This invention pertains to caliper type disc brakes for wheeled vehicles, more particularly brakes of a size and style as used on heavier passenger cars, as well as trucks and other commercial vehicles of all weight categories, where the added cost of rotor ventilation is justified for cooling purposes.
Typically disc brake rotors for these applications have been made from iron castings which, through the use of foundry cores, have a plurality of usually tapered, radial air passages between the friction surfaces which act as a centrifugal fan when the rotor turns drawing air from around the axle on the side opposite the wheel and discharging this air in a radial direction from around the circumference of the rotor.
Additionally, some high performance solid disc brake rotors such as used on motorcycles and light four wheel vehicles achieve a reduction in the build-up of wear debris on the caliper friction pads with holes in the rotor surfaces or in some cases just dimples in the friction surfacesxe2x80x94neither of which actually pump cooling air.
The invention is directed to a ventilated brake rotor, including a hub mounting face, a rotor ring having two faces, and a hub wall connecting the hub mounting face to the rotor ring. The rotor ring has alternately faced passages disposed at an angle less than 90 degrees to the face of the rotor ring. Each passage passes through both the first and second face of the rotor ring.
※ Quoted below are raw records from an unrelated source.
(* Let $n$ be a prime and $k$ an integer with $2\le k<n/2$. Let $\underline{g}=[g_1,\dots,g_k]\in\underline{\mathbf{G}}_{\mathrm{tot}}$. For $p=0,1,\dots,n-1$ put $v_p=1+p\,g_1 \pmod n$ and let $\mathcal{E}_p$ be the set of entries of the vector $\underline{r}_{\underline{g}}+p\,g_1\cdot\underline{1}\pmod n$. Then $(v_0,\mathcal{E}_0,v_1,\mathcal{E}_1,\dots,v_{n-1},\mathcal{E}_{n-1},v_0)$ is a Hamiltonian (Berge) cycle of the complete $k$-uniform hypergraph $K_n^k$ on vertex set $[n]$: the vertices $v_0,\dots,v_{n-1}$ are exactly the elements of $[n]$, each listed once; the $\mathcal{E}_p$ are $n$ pairwise distinct $k$-subsets of $[n]$; and $\{v_p,v_{p+1}\}\subseteq\mathcal{E}_p$ for every $p$ (indices mod $n$). Moreover $\{\mathcal{E}_0,\dots,\mathcal{E}_{n-1}\}$ is exactly the set of underlying sets of the elements of $\underline{\mathbf{C}}_{\underline{g}}$.
   Context: $[n]=\{1,\dots,n\}$; reduction mod $n$ is entrywise with representatives in $[n]$, and $\underline{1}$ is the all-ones vector of length $k$. For an integer vector $\underline{g}=[g_1,\dots,g_k]$ with $g_i\ge1$ for $i\in[k-1]$ and $g_1+\dots+g_{k-1}\le n-1$, the representative vector is $\underline{r}_{\underline{g}}=[1,1+g_1,1+g_1+g_2,\dots,1+g_1+\cdots+g_{k-1}]$ and $\underline{\mathbf{C}}_{\underline{g}}=\{\underline{r}_{\underline{g}}+p\cdot\underline{1}\ (\mathrm{mod}\ n):p=0,\dots,n-1\}$. The generator set: let $\sigma_{\min}=k-1$ and $\sigma_{\max}=n-\lceil n/k\rceil$. For $\sigma\in[\sigma_{\min},\sigma_{\max}]$ let $\underline{\mathbf{S}}_\sigma=\{[c_1,\dots,c_{k-1}]\in\mathbb{Z}^{k-1}:\sum_i c_i=\sigma,\ 1\le c_i\le n-\sigma\}$ and $\underline{\mathbf{G}}_\sigma=\{[c_1,\dots,c_{k-1},m]:[c_1,\dots,c_{k-1}]\in\underline{\mathbf{S}}_\sigma\}$ where $m=-\sigma$ if $\sigma\le\lfloor n/2\rfloor$ and $m=n-\sigma$ otherwise. Finally $\underline{\mathbf{G}}_{\mathrm{tot}}=\bigcup_{\sigma=\sigma_{\min}}^{\sigma_{\max}}\underline{\mathbf{G}}_\sigma$. The complete $k$-uniform hypergraph $K_n^k$ has vertex set $[n]$ and every $k$-subset of $[n]$ as a hyperedge. A (Berge) Hamiltonian cycle is a sequence $(v_1,\mathcal{E}_1,v_2,\dots,v_n,\mathcal{E}_n,v_1)$ with $v_1,\dots,v_n$ a permutation of $[n]$, $\mathcal{E}_1,\dots,\mathcal{E}_n$ distinct hyperedges, and $v_i,v_{i+1}\in\mathcal{E}_i$ (indices mod $n$). *)

From mathcomp Require Import all_boot all_order all_algebra.
From mathcomp Require Export finmap.
Set Implicit Arguments. Unset Strict Implicit. Unset Printing Implicit Defensive.
Import Order.TTheory GRing.Theory Num.Theory.
Local Open Scope fset_scope.
Local Open Scope ring_scope.

(* reduction mod n with representative in [n] = {1,...,n} (for n > 0) *)
Definition redn (n : nat) (z : int) : nat :=
  let r := absz (z %% n%:Z)%Z in if r == 0%N then n else r.

Definition sigma_min (k : nat) : nat := (k - 1)%N.
Definition ceil_div (n k : nat) : nat := ((n + k - 1) %/ k)%N.
Definition sigma_max (n k : nat) : nat := (n - ceil_div n k)%N.

Definition in_S (n k sigma : nat) (c : seq int) : Prop :=
  size c = (k - 1)%N /\ \sum_(x <- c) x = sigma%:Z /\
  all (fun x => (1 <= x) && (x <= n%:Z - sigma%:Z)) c.

Definition m_of (n sigma : nat) : int :=
  if (sigma <= n./2)%N then - sigma%:Z else n%:Z - sigma%:Z.

Definition in_G (n k sigma : nat) (g : seq int) : Prop :=
  exists2 c, in_S n k sigma c & g = rcons c (m_of n sigma).

Definition in_Gtot (n k : nat) (g : seq int) : Prop :=
  exists sigma, (sigma_min k <= sigma <= sigma_max n k)%N /\ in_G n k sigma g.

(* representative vector r_g = [1, 1+g_1, ..., 1+g_1+...+g_{k-1}]
   (g`_j is the paper's g_{j+1}) *)
Definition rep_vec (k : nat) (g : seq int) : seq int :=
  mkseq (fun i => 1 + \sum_(j < i) g`_j) k.

Definition C_g (n k : nat) (g : seq int) : seq (seq nat) :=
  mkseq (fun p => map (fun x => redn n (x + p%:Z)) (rep_vec k g)) n.

Definition fset_of (s : seq nat) : {fset nat} := [fset x | x in s].

Definition berge_ham_cycle_Knk (n k : nat) (v : nat -> nat)
    (E : nat -> {fset nat}) : Prop :=
  perm_eq (mkseq v n) (iota 1 n) /\
  (forall p, (p < n)%N -> (E p `<=` fset_of (iota 1 n)) && (#|` E p| == k)) /\
  (forall p q, (p < n)%N -> (q < n)%N -> E p = E q -> p = q) /\
  (forall p, (p < n)%N -> (v p \in E p) && (v (p.+1 %% n)%N \in E p)).

From mathcomp Require Import all_boot all_order all_algebra finmap.
From mathcomp Require Import zify.

Set Implicit Arguments.
Unset Strict Implicit.
Unset Printing Implicit Defensive.

(* The first k-1 entries c_1, ..., c_(k-1) of g are positive with sum sigma < n, so the
   partial sums 0 = s_0 < s_1 < ... < s_(k-1) < n are distinct mod n and r_g = (1 + s_i)_i
   is a k-subset of Z/n, as is each translate r_g + t.  The element sums of r_g + t and
   r_g + t' differ by k (t' - t), so equal translates force t = t' mod n.  As g_1 = c_1 is a unit mod n,
   p |-> 1 + p g_1 and p |-> r_g + p g_1 run over all vertices, resp. all translates, exactly
   once, and v_p = 1 + s_0 + p g_1 and v_(p+1) = 1 + s_1 + p g_1 both lie in E_p. *)

Definition psum (c : seq nat) (i : nat) : nat := \sum_(j < i) nth 0 c j.

Lemma psum0 c : psum c 0 = 0.
Proof. exact: big_ord0. Qed.

Lemma psumS c i : psum c i.+1 = psum c i + nth 0 c i.
Proof. by rewrite /psum big_ord_recr. Qed.

Lemma leq_psum c i j : i <= j -> psum c i <= psum c j.
Proof.
elim: j => [|j IHj]; first by rewrite leqn0 => /eqP ->.
rewrite leq_eqVlt => /predU1P [-> // | /IHj le_ij].
by rewrite psumS (leq_trans le_ij) ?leq_addr.
Qed.

Lemma ltn_psum c i j : all (fun x => 0 < x) c -> i < j <= size c -> psum c i < psum c j.
Proof.
move=> c_pos /andP [lt_ij le_j]; have lt_j1 : j.-1 < size c by lia.
rewrite -(ltn_predK lt_ij) psumS -addn1 leq_add ?leq_psum //; first lia.
by apply: (allP c_pos); rewrite mem_nth.
Qed.

Lemma psum_inj_mod c n i j : all (fun x => 0 < x) c -> psum c (size c) < n ->
  i <= size c -> j <= size c -> psum c i = psum c j %[mod n] -> i = j.
Proof.
move=> c_pos c_lt i_le j_le; have psum_lt l : l <= size c -> psum c l < n.
  by move=> l_le; apply: leq_ltn_trans c_lt; apply: leq_psum.
rewrite !modn_small ?psum_lt //.
case: (ltngtP i j) => // lt_ij; [|move/esym]; move/eqP.
  by rewrite ltn_eqF // ltn_psum ?lt_ij.
by rewrite ltn_eqF // ltn_psum ?lt_ij.
Qed.

Local Open Scope fset_scope.

Lemma fset_ofE (s : seq nat) x : (x \in fset_of s) = (x \in s).
Proof. by rewrite inE. Qed.

Lemma perm_fset_of (s : seq nat) : uniq s -> perm_eq (fset_of s) s.
Proof. by move=> s_uniq; apply: uniq_perm => // x; rewrite fset_ofE. Qed.

Lemma eqn_modMl_coprime d a b n :
  coprime n d -> (d * a == d * b %[mod n]) = (a == b %[mod n]).
Proof.
move=> co_nd; wlog le_ba : a b / b <= a => [hwlog|].
  by case: (leqP b a) => [/hwlog//|/ltnW/hwlog]; rewrite eq_sym => ->; rewrite eq_sym.
by rewrite !eqn_mod_dvd ?leq_mul2l ?le_ba ?orbT // -mulnBr Gauss_dvdr.
Qed.

Lemma mul_mod_inj n c p q : coprime n c -> p < n -> q < n ->
  p * c = q * c %[mod n] -> p = q.
Proof.
move=> co_nc p_lt q_lt /eqP; rewrite ![_ * c]mulnC eqn_modMl_coprime //.
by rewrite !modn_small // => /eqP.
Qed.

Definition redn_nat (n x : nat) : nat := if x %% n == 0 then n else x %% n.

Lemma redn_natE n x : redn n x%:Z = redn_nat n x.
Proof. by rewrite /redn /redn_nat modz_nat. Qed.

Section ReductionToInterval.

Variable n : nat.
Hypothesis n_gt0 : 0 < n.

Lemma redn_nat_mod x : redn_nat n x %% n = x %% n.
Proof. by rewrite /redn_nat; case: eqP => [->|]; rewrite ?modnn ?modn_mod. Qed.

Lemma redn_nat_in_iota x : redn_nat n x \in iota 1 n.
Proof. rewrite mem_iota /redn_nat; case: eqP; have := ltn_pmod x n_gt0; lia. Qed.

Lemma eq_redn_nat x y : (redn_nat n x == redn_nat n y) = (x == y %[mod n]).
Proof.
apply/eqP/eqP => [e|e]; first by rewrite -redn_nat_mod e redn_nat_mod.
by rewrite /redn_nat e.
Qed.

Lemma perm_redn_nat_mul a c : coprime n c ->
  perm_eq (mkseq (fun p => redn_nat n (a + p * c)) n) (iota 1 n).
Proof.
move=> co_nc; have v_uniq : uniq (mkseq (fun p => redn_nat n (a + p * c)) n).
  rewrite map_inj_in_uniq ?iota_uniq // => p q; rewrite !mem_iota /=.
  move=> p_lt q_lt /eqP; rewrite eq_redn_nat eqn_modDl => /eqP.
  by apply: mul_mod_inj; lia.
apply: uniq_perm => //; first exact: iota_uniq.
apply: (uniq_min_size v_uniq _ _).2; last by rewrite size_mkseq size_iota.
by move=> _ /mapP [p _ ->]; apply: redn_nat_in_iota.
Qed.

Lemma mul_mod_onto c t : coprime n c -> exists2 q, q < n & q * c = t %[mod n].
Proof.
move=> co_nc; have := redn_nat_in_iota t.
rewrite -(perm_mem (perm_redn_nat_mul 0 co_nc)) => /mapP [q].
by rewrite mem_iota => /andP [_ q_lt] /eqP; rewrite eq_redn_nat => /eqP; exists q.
Qed.

End ReductionToInterval.

Section Translates.

Variables (n k : nat) (s : nat -> nat).
Hypothesis n_gt0 : 0 < n.
Hypothesis s_inj : forall i j, i < k -> j < k -> s i = s j %[mod n] -> i = j.

Definition translate_seq (t : nat) : seq nat :=
  mkseq (fun i => redn_nat n (1 + s i + t)) k.

Definition translate (t : nat) : {fset nat} := fset_of (translate_seq t).

Lemma translate_mod t1 t2 : t1 = t2 %[mod n] -> translate t1 = translate t2.
Proof.
move=> e; congr fset_of; apply: eq_mkseq => i; apply/eqP.
by rewrite eq_redn_nat -modnDm e modnDm.
Qed.

Lemma translate_seq_uniq t : uniq (translate_seq t).
Proof.
rewrite map_inj_in_uniq ?iota_uniq // => i j; rewrite !mem_iota /=.
move=> i_lt j_lt /eqP; rewrite eq_redn_nat eqn_modDr eqn_modDl => /eqP.
by apply: s_inj; lia.
Qed.

Lemma card_translate t : #|` translate t| = k.
Proof. by rewrite (perm_size (perm_fset_of (translate_seq_uniq t))) size_mkseq. Qed.

Lemma translate_sub t : translate t `<=` fset_of (iota 1 n).
Proof.
apply/fsubsetP => x; rewrite !fset_ofE => /mapP [i _ ->].
exact: redn_nat_in_iota.
Qed.

Lemma mem_translate i t : i < k -> redn_nat n (1 + s i + t) \in translate t.
Proof. by move=> i_lt; rewrite fset_ofE; apply: map_f; rewrite mem_iota. Qed.

Lemma sum_translate t :
  \sum_(x <- translate t) x = \sum_(i < k) (1 + s i) + k * t %[mod n].
Proof.
rewrite (perm_big _ (perm_fset_of (translate_seq_uniq t))) /= big_map -modn_summ.
rewrite (eq_bigr (fun i => (1 + s i + t) %% n)) => [|i _]; last exact: redn_nat_mod.
rewrite modn_summ big_split /= -{1 2}(subn0 k) -/(index_iota 0 k).
by rewrite sum_nat_const_nat subn0 big_mkord.
Qed.

Lemma translate_inj t1 t2 : coprime n k ->
  translate t1 = translate t2 -> t1 = t2 %[mod n].
Proof.
move=> co_nk e; apply/eqP; rewrite -(eqn_modMl_coprime _ _ co_nk).
by rewrite -(eqn_modDl (\sum_(i < k) (1 + s i))) -!sum_translate e.
Qed.

Lemma translate_mul_ham_cycle c :
  1 < k -> coprime n k -> coprime n c -> s 0 = 0 -> s 1 = c ->
  berge_ham_cycle_Knk n k (fun p => redn_nat n (1 + p * c)) (fun p => translate (p * c)).
Proof.
move=> k_gt1 co_nk co_nc s0 s1; split; first exact: perm_redn_nat_mul.
split=> [p _|]; first by rewrite translate_sub card_translate eqxx.
split=> [p q p_lt q_lt /(translate_inj co_nk)|p p_lt]; first exact: mul_mod_inj.
apply/andP; split.
  by have := @mem_translate 0 (p * c); rewrite s0 addn0; apply; lia.
have -> : redn_nat n (1 + p.+1 %% n * c) = redn_nat n (1 + s 1 + p * c).
  by apply/eqP; rewrite eq_redn_nat -modnDmr modnMml modnDmr s1 mulSn addnA.
by apply: mem_translate.
Qed.

Lemma imfset_translate_mul c : coprime n c ->
  [fset translate (p * c) | p in iota 0 n] = [fset translate t | t in iota 0 n].
Proof.
move=> co_nc; apply/fsetP => X; apply/imfsetP/imfsetP => -[p /=].
  move=> _ ->; exists (p * c %% n); last exact/translate_mod/esym/modn_mod.
  by rewrite mem_iota ltn_pmod.
rewrite mem_iota add0n => /andP [_ p_lt] ->.
have [q q_lt qc_p] := mul_mod_onto n_gt0 p co_nc.
by exists q; [rewrite mem_iota | exact: translate_mod].
Qed.

End Translates.

Lemma eq_berge_ham_cycle_Knk n k v v' E E' : v =1 v' -> E =1 E' ->
  berge_ham_cycle_Knk n k v E -> berge_ham_cycle_Knk n k v' E'.
Proof.
move=> ev eE [v_perm [E_sub [E_inj v_in_E]]]; split; first by rewrite -(eq_mkseq ev).
split=> [p p_lt|]; first by rewrite -eE E_sub.
split=> [p q p_lt q_lt|p p_lt]; first by rewrite -!eE; apply: E_inj.
by rewrite -eE -!ev v_in_E.
Qed.

Lemma imfset_map (T U V : choiceType) (f : U -> V) (h : T -> U) (s : seq T) :
  [fset f y | y in map h s] = [fset f (h x) | x in s].
Proof.
apply/fsetP => z; apply/imfsetP/imfsetP => -[y /=].
  by move=> /mapP [x x_in ->] ->; exists x.
by move=> y_in ->; exists (h y); first exact: map_f.
Qed.

Import Order.TTheory GRing.Theory Num.Theory.
Local Open Scope ring_scope.

Lemma rep_vec_rcons (c : seq nat) (m : int) k : size c = k.-1 ->
  rep_vec k (rcons (map Posz c) m) = mkseq (fun i => (1 + psum c i)%:Z) k.
Proof.
move=> size_c; apply/eq_in_map => i; rewrite mem_iota add0n => /andP [_ lt_ik].
rewrite PoszD /psum (big_morph Posz PoszD (erefl 0%:Z)); congr (_ + _).
apply: eq_bigr => j _; have lt_jc : (j < size c)%N by have := ltn_ord j; lia.
by rewrite nth_rcons size_map lt_jc (nth_map 0%N).
Qed.

Lemma in_Gtot_decomp n k g : (0 < n)%N -> (0 < k)%N -> in_Gtot n k g ->
  exists c m, [/\ size c = k.-1, all (fun x => 0 < x)%N c, (psum c (size c) < n)%N
                & g = rcons (map Posz c) m].
Proof.
move=> n_gt0 k_gt0 [sg [/andP [_ sg_le] [ci [size_ci [sum_ci ci_pos]] ->]]].
have ci_ge0 : all (fun x => 0 <= x) ci.
  by apply: sub_all ci_pos => x /andP [x_ge1 _]; apply: le_trans x_ge1.
exists (map absz ci), (m_of n sg); split.
- by rewrite size_map size_ci subn1.
- rewrite all_map; apply: sub_all ci_pos => x /andP [x_ge1 _] /=.
  by rewrite -ltz_nat gtz0_abs.
- have -> : psum (map absz ci) (size (map absz ci)) = sg.
    apply/eqP; rewrite -eqz_nat -sum_ci (big_nth 0) big_mkord size_map /psum.
    rewrite (big_morph Posz PoszD (erefl 0%:Z)); apply/eqP/eq_bigr => j _.
    by rewrite (nth_map 0) // gez0_abs //; apply: (allP ci_ge0); rewrite mem_nth.
  move: sg_le; rewrite /sigma_max /ceil_div.
  have : (0 < (n + k - 1) %/ k)%N by rewrite divn_gt0; lia.
  lia.
- congr rcons; rewrite -map_comp -[LHS]map_id; apply/eq_in_map => x x_in /=.
  by rewrite gez0_abs //; apply: (allP ci_ge0).
Qed.

Theorem lemma1 (n k : nat) (g : seq int) :
  prime n -> (2 <= k)%N -> (k.*2 < n)%N -> in_Gtot n k g ->
  let g1 := g`_0 in
  let v := fun p : nat => redn n (1 + p%:Z * g1) in
  let E := fun p : nat =>
    fset_of (map (fun x => redn n (x + p%:Z * g1)) (rep_vec k g)) in
  berge_ham_cycle_Knk n k v E /\
  [fset E p | p in iota 0 n] = [fset fset_of c | c in C_g n k g].
Proof.
move=> n_prime k_ge2 k2_lt_n.
have [n_gt0 k_lt_n] : (0 < n)%N /\ (k < n)%N by rewrite prime_gt0 //; split=> //; lia.
move=> /(in_Gtot_decomp n_gt0 (ltnW k_ge2)) [c [m [size_c c_pos c_lt ->]]] g1 v E.
have size_c_gt0 : (0 < size c)%N by lia.
have g1E : g1 = (psum c 1)%:Z.
  by rewrite /g1 nth_rcons size_map size_c_gt0 (nth_map 0%N) // /psum big_ord1.
have c1_pos : (0 < psum c 1)%N.
  by have := ltn_psum (i := 0) (j := 1) c_pos; rewrite psum0 size_c_gt0; apply.
have co_nc1 : coprime n (psum c 1).
  rewrite prime_coprime // gtnNdvd //; exact: leq_ltn_trans (leq_psum c size_c_gt0) c_lt.
have co_nk : coprime n k by rewrite prime_coprime // gtnNdvd //; lia.
have s_inj i j : (i < k)%N -> (j < k)%N -> psum c i = psum c j %[mod n] -> i = j.
  by move=> i_lt j_lt; apply: psum_inj_mod; rewrite // size_c; lia.
have v_redn p : redn_nat n (1 + p * psum c 1) = v p.
  by rewrite /v g1E -PoszM -PoszD redn_natE.
have translateE t : translate n k (psum c) t =
    fset_of (map (fun x => redn n (x + t%:Z)) (rep_vec k (rcons (map Posz c) m))).
  rewrite rep_vec_rcons // -map_comp; congr fset_of.
  by apply: eq_map => i /=; rewrite -PoszD redn_natE.
have E_translate p : translate n k (psum c) (p * psum c 1) = E p.
  by rewrite translateE /E g1E PoszM.
split.
  apply: eq_berge_ham_cycle_Knk v_redn E_translate _; apply: translate_mul_ham_cycle => //.
  exact: psum0.
rewrite -(eq_imfset _ E_translate (fun=> erefl)) imfset_translate_mul // /C_g imfset_map.
by apply: eq_imfset => // t; rewrite translateE.
Qed.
Preferably, the passage outlet openings are radially farther from the rotor axis than the inlet openings, hence these passages will act like a fan due to centrifugal force to move air through the rotor mass for cooling when the ventilated brake rotor is rotated. A variation of the instant design would be one where the passages alternate directions such that half the inlets and half the outlets occur on each rotor surface.
Purposes and advantages of the novel design disclosed herein, in no particular order, are as follows:
1. Greater heat transfer from the rotor to the atmosphere due to the greater cooling air flow that will result from the larger less restrictive passages.
2. More uniform rotor cooling since both friction surfaces are benefited equally as a result of half the cooling air being drawn from the traditionally dead space between the rotor and the wheel. While with prior art rotors, the friction surface facing the wheel will run hotter than the friction surface facing away from the wheel, since the surface away for the wheel is exposed to the slip stream in the open atmosphere.
3. Less heat transfer to the tires from the brake rotor due to more uniform rotor cooling, again for the same reason as in 2.
4. Better cooling of the caliper friction pads as a result of their being swept and fanned as the openings pass them by.
5. Less heat transfer to the caliper friction pads from the brake rotor due to better rotor cooling, again for the same reason as in 2.
6. Improved braking due to the reduction in the build-up of wear debris on the caliper friction pads resulting from the passages sweeping and fanning the caliper friction pads per 4 above.
7. Reduced manufacturing cost due to the simplified foundry coring and core removal.